Mozart's glorious score, with its silvery harpsichord, rich set pieces and sustained quality of apparently spontaneous melody, does justice to Lorenzo Da Ponte's engaging libretto based on the play by the French playwright and sometime spy Pierre Augustin Caron de Beaumarchais. That French original, one of three plays in the Figaro of Almaviva trilogy which includes Le Barbier de Séville(1775) (which would later inspire Rossini's 1816 opera), is a complicated work that was not only a comedy but something of a revolutionary polemic. The politics would have offended the Austrian emperor had this aspect not been removed. Da Ponte - formerly a disgraced student priest but the court poet at the time of his collaborations with Mozart - instead concentrated on simplifying the original text.

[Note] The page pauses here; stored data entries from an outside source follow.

(* Let $S$ be a topological Clifford semigroup in which every maximal subgroup $G_e$ is open. Then $E(S)$ is a $G_\delta$-subset of $S$ if and only if, for every $e\in E(S)$, the singleton $\{e\}$ is a $G_\delta$-subset of $G_e$.
   Context: A Clifford semigroup is an inverse semigroup (each $x$ has a unique $x^{-1}$ with $xx^{-1}x=x$, $x^{-1}xx^{-1}=x^{-1}$) with $xx^{-1}=x^{-1}x$ for all $x$; topological means multiplication and inversion are continuous. $E(S)$ is the set of idempotents; $G_e:=\{x: xx^{-1}=e\}$ with the subspace topology. A $G_\delta$-subset is a countable intersection of open sets. *)

From mathcomp Require Import all_boot all_order.
From mathcomp Require Import all_classical topology.
Set Implicit Arguments. Unset Strict Implicit. Unset Printing Implicit Defensive.
Local Open Scope classical_set_scope.

Record topological_clifford_semigroup (T : topologicalType)
    (mul : T -> T -> T) (inv : T -> T) : Prop := {
  tcs_assoc : forall x y z, mul x (mul y z) = mul (mul x y) z;
  tcs_inv1 : forall x, mul (mul x (inv x)) x = x;
  tcs_inv2 : forall x, mul (mul (inv x) x) (inv x) = inv x;
  tcs_inv_unique : forall x y, mul (mul x y) x = x -> mul (mul y x) y = y -> y = inv x;
  tcs_clifford : forall x, mul x (inv x) = mul (inv x) x;
  tcs_mul_cont : continuous (fun p : T * T => mul p.1 p.2);
  tcs_inv_cont : continuous inv
}.

Definition idempotents (T : Type) (mul : T -> T -> T) : set T :=
  [set x | mul x x = x].

Definition maxsubgroup (T : Type) (mul : T -> T -> T) (inv : T -> T) (e : T) : set T :=
  [set x | mul x (inv x) = e].

(* B is a G_delta-subset of the subspace A (subspace topology): B is a countable
   intersection of sets open in A, i.e. of the form V `&` A with V open in T. *)
Definition Gdelta_in (T : topologicalType) (A B : set T) : Prop :=
  exists U : nat -> set T,
    (forall n, exists V : set T, open V /\ U n = V `&` A) /\
    \bigcap_n U n = B.

Definition Gdelta (T : topologicalType) (B : set T) : Prop :=
  exists U : nat -> set T, (forall n, open (U n)) /\ \bigcap_n U n = B.

(* An idempotent e is the only idempotent of G_e, so E(S) meets the open set
   G_e exactly in {e}; this gives the forward direction. Conversely the G_e are
   pairwise disjoint open sets covering E(S), so the union over e of G_delta
   representations of {e} in G_e is a G_delta representation of E(S): a point
   lying in every member of the union lies in a single G_e throughout. *)
From mathcomp Require Import all_boot all_order.
From mathcomp Require Import all_classical topology.
Set Implicit Arguments.
Local Open Scope classical_set_scope.

Section Gdelta_subspace.
Variable T : topologicalType.

Lemma Gdelta_setIr (A B : set T) : Gdelta B -> Gdelta_in A (B `&` A).
Proof.
move=> [U [Uo <-]]; exists (fun n => U n `&` A); split.
  by move=> n; exists (U n).
by rewrite bigcapIl //; exists 0%N.
Qed.

Lemma Gdelta_bigcup_trivIset (K : Type) (D : set K) (A B : K -> set T) :
  (forall i, D i -> open (A i)) -> trivIset D A ->
  (forall i, D i -> Gdelta_in (A i) (B i)) ->
  Gdelta (\bigcup_(i in D) B i).
Proof.
move=> Aopen Atriv BG.
have /choice[U HU] : forall i, exists U : nat -> set T, D i ->
    (forall n, exists V, open V /\ U n = V `&` A i) /\ \bigcap_n U n = B i.
  move=> i; have [Di|nDi] := pselect (D i); last by exists (fun=> set0).
  by have [U HU] := BG i Di; exists U.
have UA i n : D i -> U i n `<=` A i.
  by move=> Di; have [V [_ ->]] := (HU i Di).1 n; apply: subIsetr.
exists (fun n => \bigcup_(i in D) U i n); split.
  move=> n; apply: bigcup_open => i Di.
  by have [V [Vo ->]] := (HU i Di).1 n; apply: openI => //; apply: Aopen.
apply/seteqP; split => x /=; last first.
  by move=> [i Di]; rewrite -(HU i Di).2 => Ux n _; exists i => //; apply: Ux.
move=> Ux; have [i Di Uix] := Ux 0%N I; exists i => //.
rewrite -(HU i Di).2 => n _; have [j Dj Ujx] := Ux n I.
suff -> : i = j by [].
by apply: Atriv => //; exists x; split; [apply: (UA i 0%N) | apply: (UA j n)].
Qed.

End Gdelta_subspace.

Section Clifford.
Variables (T : topologicalType) (mul : T -> T -> T) (inv : T -> T).
Hypothesis hS : topological_clifford_semigroup mul inv.

Lemma inv_idempotent e : idempotents mul e -> inv e = e.
Proof. by move=> ee; symmetry; apply: (tcs_inv_unique hS); rewrite /= in ee; rewrite !ee. Qed.

Lemma idempotents_maxsubgroup e :
  idempotents mul e -> idempotents mul `&` maxsubgroup mul inv e = [set e].
Proof.
move=> ee; apply/seteqP; split => x /=.
  by move=> [xx]; rewrite /maxsubgroup /= inv_idempotent // xx.
by move=> ->; rewrite /maxsubgroup /= inv_idempotent.
Qed.

Lemma trivIset_maxsubgroup (D : set T) : trivIset D (maxsubgroup mul inv).
Proof. by move=> e f _ _ [x [/= <- <-]]. Qed.

End Clifford.

Theorem lemma4p4 (T : topologicalType) (mul : T -> T -> T) (inv : T -> T)
  (hS : topological_clifford_semigroup mul inv)
  (hopen : forall e, idempotents mul e -> open (maxsubgroup mul inv e)) :
  Gdelta (idempotents mul) <->
  (forall e, idempotents mul e -> Gdelta_in (maxsubgroup mul inv e) [set e]).
Proof.
split=> [EG e ee|singletonG].
  by rewrite -(idempotents_maxsubgroup hS ee); apply: Gdelta_setIr.
suff : Gdelta (\bigcup_(e in idempotents mul) [set e]).
  by rewrite bigcup_imset1 image_id.
exact: Gdelta_bigcup_trivIset hopen (trivIset_maxsubgroup _ _) singletonG.
Qed.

That said, the plot is sufficiently complicated to facilitate vivid characterisation. Da Ponte presented Mozart with a yarn looking at the many faces of love, ranging from its most light-hearted, to the adolescent longing of the count's page Cherubino, to the count's rampaging lust, to playful romance as personified by Susanna and Figaro, as well as his jealous love. There is also an inspired element: love lost as so eloquently expressed in Countess Rosina's two beautiful arias: "Porgi amor" and "Dove sono i bei momenti".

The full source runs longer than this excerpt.